The Sunset Fairies -v0.10- -ethan Krautz- -
Ethan Krautz gave us a version number that implies a future that will never come. He gave us fairies that don't want to be caught, only witnessed. And he gave us a sunset that never resolves into night.
Is it a horror game? An art sim? A buggy beta abandoned by a depressed developer? Yes. All of the above. The Sunset Fairies -v0.10- -Ethan Krautz-
The transformation. You stop trying to “win.” You walk slowly. You sit on the swing set yourself. You close your eyes and listen to the wind. The game is no longer a game. It is a meditation device. A fairy appears not because you sought it, but because you were stationary for too long. It shows you a memory of a hospital waiting room. The clock on the wall reads the same as your actual system clock. You shiver. You are now inside The Sunset Fairies -v0.10- -Ethan Krautz-. The Legacy of an Unfinished Masterpiece In a gaming landscape obsessed with roadmaps, battle passes, and live-service updates, the static, broken beauty of The Sunset Fairies -v0.10- -Ethan Krautz- stands as a radical protest. It is a game that refuses to be finished because its subject matter—memory, loss, and the amber glow of a moment that never ends—cannot be finished. Ethan Krautz gave us a version number that
If you manage to find a working download of version 0.10, back it up. Burn it to a CD. Keep it in a drawer. And when the sun sets tonight, listen closely. You might just hear the chime of a fairy that only you can see. Is it a horror game
The first fairy. A high D-sharp chime. A shimmer behind a dead oak tree. You press ‘E’ to Resonate. You see a memory: a child dropping an ice cream cone. You feel nothing. You move on.
Version 0.11 never came.
This is where Krautz’s genius (or his madness, depending on who you ask) reveals itself. The cutscenes are not linear.

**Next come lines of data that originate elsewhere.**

Lemma rsum_count_interval n lo hi : (lo <= hi)%nat ->
  rsum n (fun k => if andb (Nat.leb lo k) (Nat.ltb k hi) then 1 else 0)
  <= INR (hi - lo).
Proof.
  intros Hlo.
  assert (Hcount : forall c,
    rsum n (fun k => if Nat.ltb k c then 1 else 0) = INR (Nat.min n c)).
  { intros c. induction n as [|n IH]; [reflexivity|].
    rewrite rsum_S, IH. destruct (Nat.ltb_spec n c).
    - replace (Nat.min (S n) c) with (S (Nat.min n c)) by lia. rewrite S_INR; ring.
    - replace (Nat.min (S n) c) with (Nat.min n c) by lia. ring. }
  rewrite (rsum_ext _ _ (fun k =>
    (if Nat.ltb k hi then 1 else 0) - (if Nat.ltb k lo then 1 else 0))).
  - rewrite rsum_minus, !Hcount, <- minus_INR by lia. apply le_INR. lia.
  - intros k _. destruct (Nat.leb_spec lo k), (Nat.ltb_spec k hi), (Nat.ltb_spec k lo);
      simpl; lra || lia.
Qed.

Lemma nonneg_quadratic_discr A B S :
  0 <= B -> (forall t, 0 <= B * t ^ 2 - 2 * S * t + A) -> S ^ 2 <= A * B.
Proof.
  intros HB Hq. destruct (Req_dec B 0) as [HB0|HB0].
  - destruct (Req_dec S 0) as [HS0|HS0]; [subst; nra|].
    exfalso. specialize (Hq ((A + 1) / (2 * S))). rewrite HB0 in Hq.
    replace (0 * ((A + 1) / (2 * S)) ^ 2 - 2 * S * ((A + 1) / (2 * S)) + A)
      with (-1) in Hq by (field; exact HS0). lra.
  - specialize (Hq (S / B)).
    replace (B * (S / B) ^ 2 - 2 * S * (S / B) + A) with (A - S ^ 2 / B) in Hq
      by (field; exact HB0).
    apply (Rmult_le_compat_r B) in Hq; [|lra].
    replace ((A - S ^ 2 / B) * B) with (A * B - S ^ 2) in Hq by (field; exact HB0). lra.
Qed.

Lemma cauchy_schwarz_weighted n (w y : nat -> R) :
  (forall k, (k < n)%nat -> 0 < w k) ->
  (rsum n y) ^ 2 <= rsum n (fun k => / w k) * rsum n (fun k => w k * y k ^ 2).
Proof.
  intros Hw. apply nonneg_quadratic_discr.
  - apply rsum_nonneg. intros k Hk. specialize (Hw k Hk). nra.
  - intros t.
    assert (Hsq : 0 <= rsum n (fun k => / w k * (w k * y k * t - 1) ^ 2)).
    { apply rsum_nonneg. intros k Hk.
      apply Rmult_le_pos; [left; apply Rinv_0_lt_compat, Hw, Hk | apply pow2_ge_0]. }
    rewrite (rsum_ext _ _ (fun k => t ^ 2 * (w k * y k ^ 2) + (-2 * t) * y k + / w k))
      in Hsq.
    + rewrite !rsum_plus, !rsum_scal in Hsq. lra.
    + intros k Hk. specialize (Hw k Hk). field. lra.
Qed.

Lemma holder_fourth n (w Y : nat -> R) :
  (forall k, (k < n)%nat -> 0 < w k) ->
  (rsum n Y) ^ 4
  <= rsum n (fun k => / w k) ^ 3 * rsum n (fun k => w k ^ 3 * Y k ^ 4).
Proof.
  intros Hw. set (W := rsum n (fun k => / w k)).
  set (S2 := rsum n (fun k => w k * Y k ^ 2)).
  assert (HW : 0 <= W).
  { apply rsum_nonneg. intros k Hk. left. apply Rinv_0_lt_compat, Hw, Hk. }
  assert (HS2 : 0 <= S2).
  { apply rsum_nonneg. intros k Hk. specialize (Hw k Hk). nra. }
  assert (Hfirst : rsum n Y ^ 2 <= W * S2) by now apply cauchy_schwarz_weighted.
  assert (Hsecond : S2 ^ 2 <= W * rsum n (fun k => w k ^ 3 * Y k ^ 4)).
  { replace (rsum n (fun k => w k ^ 3 * Y k ^ 4))
      with (rsum n (fun k => w k * (w k * Y k ^ 2) ^ 2))
      by (apply rsum_ext; intros; ring).
    now apply cauchy_schwarz_weighted. }
  assert (rsum n Y ^ 4 <= (W * S2) ^ 2).
  { replace (rsum n Y ^ 4) with ((rsum n Y ^ 2) ^ 2) by ring.
    apply pow_incr. split; [apply pow2_ge_0|exact Hfirst]. }
  assert (W ^ 2 * S2 ^ 2 <= W ^ 2 * (W * rsum n (fun k => w k ^ 3 * Y k ^ 4)))
    by (apply Rmult_le_compat_l; [apply pow2_ge_0|exact Hsecond]).
  nra.
Qed.

Lemma holder_fourth_geometric n (Y : nat -> R) rho : 0 < rho < 1 ->
  (rsum n Y) ^ 4 <= (/ (1 - rho)) ^ 3 * rsum n (fun m => (/ rho ^ m) ^ 3 * Y m ^ 4).
Proof.
  intros Hrho.
  assert (Hw : forall m, (m < n)%nat -> 0 < / rho ^ m)
    by (intros; apply Rinv_0_lt_compat, pow_lt; lra).
  eapply Rle_trans; [apply (holder_fourth n (fun m => / rho ^ m) Y Hw)|].
  apply Rmult_le_compat_r.
  - apply rsum_nonneg. intros m Hm. apply Rmult_le_pos.
    + apply pow_le. left. apply Hw, Hm.
    + replace (Y m ^ 4) with ((Y m ^ 2) ^ 2) by ring. apply pow2_ge_0.
  - apply pow_incr. split.
    + apply rsum_nonneg. intros m Hm. left. apply Rinv_0_lt_compat, Hw, Hm.
    + rewrite (rsum_ext _ _ (fun m => rho ^ m)) by (intros; apply Rinv_inv).
      apply rsum_geom_le. lra.
Qed.

Definition angle (N j k : nat) : R := 2 * PI * INR j * INR k / INR N.

Definition mode (N : nat) (a b : nat -> R) (j k : nat) : R :=
  a k * cos (angle N j k) - b k * sin (angle N j k).

Lemma xfour_modes N a b j : xfour N a b j = rsum N (mode N a b j).
Proof. reflexivity. Qed.

Lemma angle_add N j k l : angle N j (k + l) = angle N j k + angle N j l.
Proof. unfold angle. rewrite plus_INR. unfold Rdiv. ring. Qed.

Lemma angle_succ N j k : angle N (S j) k = angle N j k + angle N 1 k.
Proof. unfold angle. rewrite S_INR. simpl. unfold Rdiv. ring. Qed.

Lemma angle_0_r N j : angle N j 0 = 0.
Proof. unfold angle. simpl. unfold Rdiv. ring. Qed.

Lemma angle_period N j q : (0 < N)%nat -> angle N j (N * q) = 2 * INR (j * q) * PI.
Proof. intros HN. unfold angle. rewrite !mult_INR. field. apply not_0_INR. lia. Qed.

(* Phase differences, written as a phase of a natural frequency. *)
Lemma angle_sub N j k l : (0 < N)%nat -> (l <= N)%nat ->
  angle N j (k + (N - l)) = angle N j k - angle N j l + 2 * INR j * PI.
Proof.
  intros HN Hl. unfold angle. rewrite plus_INR, minus_INR by exact Hl.
  field. apply not_0_INR. lia.
Qed.

Lemma trig_progression_sums n p :
  2 * sin (p / 2) * rsum n (fun j => cos (INR j * p)) = sin (INR n * p - p / 2) + sin (p / 2)
  /\ 2 * sin (p / 2) * rsum n (fun j => sin (INR j * p)) = cos (p / 2) - cos (INR n * p - p / 2).
Proof.
  induction n as [|n [IHc IHs]].
  - simpl. rewrite Rmult_0_l, Rminus_0_l, sin_neg, cos_neg. split; ring.
  - rewrite !rsum_S, !Rmult_plus_distr_l, IHc, IHs, S_INR.
    replace ((INR n + 1) * p - p / 2) with (INR n * p + p / 2) by field.
    rewrite sin_plus, cos_plus, sin_minus, cos_minus. split; ring.
Qed.

Lemma sin_half_angle_neq0 N m : (0 < N)%nat -> (m mod N <> 0)%nat ->
  sin (PI * INR m / INR N) <> 0.
Proof.
  intros HN Hm Hs. apply sin_eq_0_0 in Hs. destruct Hs as [q Hq].
  assert (HNr : INR N <> 0) by (apply not_0_INR; lia).
  assert (Hmq : INR m = IZR q * INR N).
  { apply (Rmult_eq_reg_l PI); [|apply PI_neq0].
    replace (PI * INR m) with (PI * INR m / INR N * INR N) by (field; exact HNr).
    rewrite Hq. ring. }
  rewrite !INR_IZR_INZ, <- mult_IZR in Hmq. apply eq_IZR in Hmq.
  assert (m = Z.to_nat q * N)%nat by lia. subst m.
  rewrite Nat.Div0.mod_mul in Hm. lia.
Qed.

Lemma character_sums N m : (0 < N)%nat ->
  rsum N (fun j => cos (angle N j m)) = (if Nat.eqb (m mod N) 0 then INR N else 0)
  /\ rsum N (fun j => sin (angle N j m)) = 0.
Proof.
  intros HN. assert (HNr : INR N <> 0) by (apply not_0_INR; lia).
  destruct (Nat.eqb_spec (m mod N) 0) as [Hm|Hm].
  - rewrite (Nat.Div0.div_mod m N), Hm, Nat.add_0_r.
    rewrite (rsum_ext _ (fun j => cos _) (fun _ => 1)),
            (rsum_ext _ (fun j => sin _) (fun _ => 0)), !rsum_const; [split; ring| |];
      intros j _; rewrite angle_period, <- (Rplus_0_l (2 * _ * PI)) by exact HN;
      [rewrite sin_period; apply sin_0 | rewrite cos_period; apply cos_0].
  - set (p := 2 * PI * INR m / INR N).
    assert (Hs : sin (p / 2) <> 0).
    { replace (p / 2) with (PI * INR m / INR N) by (unfold p; field; exact HNr).
      now apply sin_half_angle_neq0. }
    destruct (trig_progression_sums N p) as [Hc Hsn].
    replace (INR N * p - p / 2) with (- (p / 2) + 2 * INR m * PI) in Hc, Hsn
      by (unfold p; field; exact HNr).
    rewrite sin_period, sin_neg in Hc. rewrite cos_period, cos_neg in Hsn.
    rewrite (rsum_ext _ (fun j => cos _) (fun j => cos (INR j * p))),
            (rsum_ext _ (fun j => sin _) (fun j => sin (INR j * p)))
      by (intros; unfold angle, p; f_equal; field; exact HNr).
    split; apply (Rmult_eq_reg_l (2 * sin (p / 2))); lra.
Qed.

Lemma mod_eq0_below_2N n N : (0 < N)%nat -> (n < 2 * N)%nat ->
  (n mod N = 0)%nat <-> n = 0%nat \/ n = N.
Proof.
  intros HN Hn. destruct (Nat.ltb_spec n N).
  - rewrite Nat.mod_small by exact H. lia.
  - replace n with ((n - N) + 1 * N)%nat at 1 by lia.
    rewrite Nat.Div0.mod_add, Nat.mod_small by lia. lia.
Qed.

Lemma reflect_index_0 N : ((N - 0) mod N = 0)%nat.
Proof. rewrite Nat.sub_0_r. apply Nat.Div0.mod_same. Qed.

Lemma reflect_index N k : (0 < k < N)%nat -> ((N - k) mod N = N - k)%nat.
Proof. intros Hk. apply Nat.mod_small. lia. Qed.

Lemma sum_mod_eq0 N k l : (k < N)%nat -> (l < N)%nat ->
  Nat.eqb ((k + l) mod N) 0 = Nat.eqb l ((N - k) mod N).
Proof.
  intros Hk Hl. destruct (Nat.eq_dec k 0) as [->|Hk0].
  - rewrite reflect_index_0. simpl. rewrite Nat.mod_small by exact Hl. reflexivity.
  - rewrite reflect_index by lia.
    destruct (Nat.eqb_spec ((k + l) mod N) 0) as [H|H];
      rewrite mod_eq0_below_2N in H by lia; symmetry;
        [apply Nat.eqb_eq | apply Nat.eqb_neq]; lia.
Qed.

Lemma mode_product_sum N a b k l : (0 < N)%nat -> (k < N)%nat -> (l < N)%nat ->
  rsum N (fun j => mode N a b j k * mode N a b j l) =
  INR N / 2 * ((if Nat.eqb k l then a k * a l + b k * b l else 0)
               + (if Nat.eqb ((k + l) mod N) 0 then a k * a l - b k * b l else 0)).
Proof.
  intros HN Hk Hl.
  rewrite (rsum_ext _ _ (fun j =>
      (a k * a l + b k * b l) / 2 * cos (angle N j (k + (N - l)))
    + (a k * a l - b k * b l) / 2 * cos (angle N j (k + l))
    + (- (a k * b l + b k * a l)) / 2 * sin (angle N j (k + l))
    + (a k * b l - b k * a l) / 2 * sin (angle N j (k + (N - l))))).
  - rewrite !rsum_plus, !rsum_scal.
    destruct (character_sums N (k + (N - l)) HN) as [Hc1 Hs1].
    destruct (character_sums N (k + l) HN) as [Hc2 Hs2].
    rewrite Hc1, Hs1, Hc2, Hs2.
    assert (Hdiag : Nat.eqb ((k + (N - l)) mod N) 0 = Nat.eqb k l).
    { destruct (Nat.eqb_spec ((k + (N - l)) mod N) 0) as [H|H];
        rewrite mod_eq0_below_2N in H by lia; symmetry;
        [apply Nat.eqb_eq | apply Nat.eqb_neq]; lia. }
    rewrite Hdiag. destruct (Nat.eqb k l), (Nat.eqb ((k + l) mod N) 0); field.
  - intros j _. unfold mode.
    rewrite angle_sub, cos_period, sin_period, angle_add by lia.
    rewrite cos_plus, cos_minus, sin_plus, sin_minus. field.
Qed.

Lemma parseval N a b : (0 < N)%nat -> in_hatR N a b ->
  rsum N (fun j => xfour N a b j ^ 2) = INR N * rsum N (fun k => a k ^ 2 + b k ^ 2).
Proof.
  intros HN Hh.
  rewrite (rsum_ext _ _ (fun j => rsum N (fun k => rsum N (fun l =>
             mode N a b j k * mode N a b j l))))
    by (intros; rewrite xfour_modes, <- rsum_mul; ring).
  rewrite rsum_swap, <- rsum_scal. apply rsum_ext. intros k Hk.
  rewrite rsum_swap.
  rewrite (rsum_ext _ _ (fun l => INR N / 2 *
      ((if Nat.eqb l k then a k * a l + b k * b l else 0)
       + (if Nat.eqb l ((N - k) mod N) then a k * a l - b k * b l else 0)))).
  - rewrite rsum_scal, rsum_plus, !rsum_pick by (try apply Nat.mod_upper_bound; lia).
    destruct (Hh k Hk) as [Ha Hb]. rewrite <- Ha, Hb. field.
  - intros l Hl. rewrite mode_product_sum, sum_mod_eq0, (Nat.eqb_sym k l) by lia.
    reflexivity.
Qed.

Lemma xfour_mean N a b : (0 < N)%nat -> rsum N (fun j => xfour N a b j) = INR N * a O.
Proof.
  intros HN. rewrite (rsum_ext _ _ (fun j => rsum N (mode N a b j))) by reflexivity.
  rewrite rsum_swap.
  rewrite (rsum_ext _ _ (fun k => if Nat.eqb k 0 then INR N * a k else 0)).
  - apply rsum_pick. exact HN.
  - intros k Hk. unfold mode. rewrite rsum_minus, !rsum_scal.
    destruct (character_sums N k HN) as [Hc Hs]. rewrite Hc, Hs, Nat.mod_small by exact Hk.
    destruct (Nat.eqb k 0); ring.
Qed.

They are fragmented, looping, and often contradictory. One playthrough, a fairy might show you a memory of a birthday party. The next, the same fairy shows the same party, but all the guests are faceless, and the cake is melting into a pool of black goo. To understand the cultural weight of this specific build, you must understand the version number. The Sunset Fairies -v0.10- -Ethan Krautz- was released on a now-defunct itch.io page in late 2021. Krautz promised weekly updates. Version 0.11, he said, would introduce a new “grove zone” and a fairy that remembers your previous playthrough’s choices.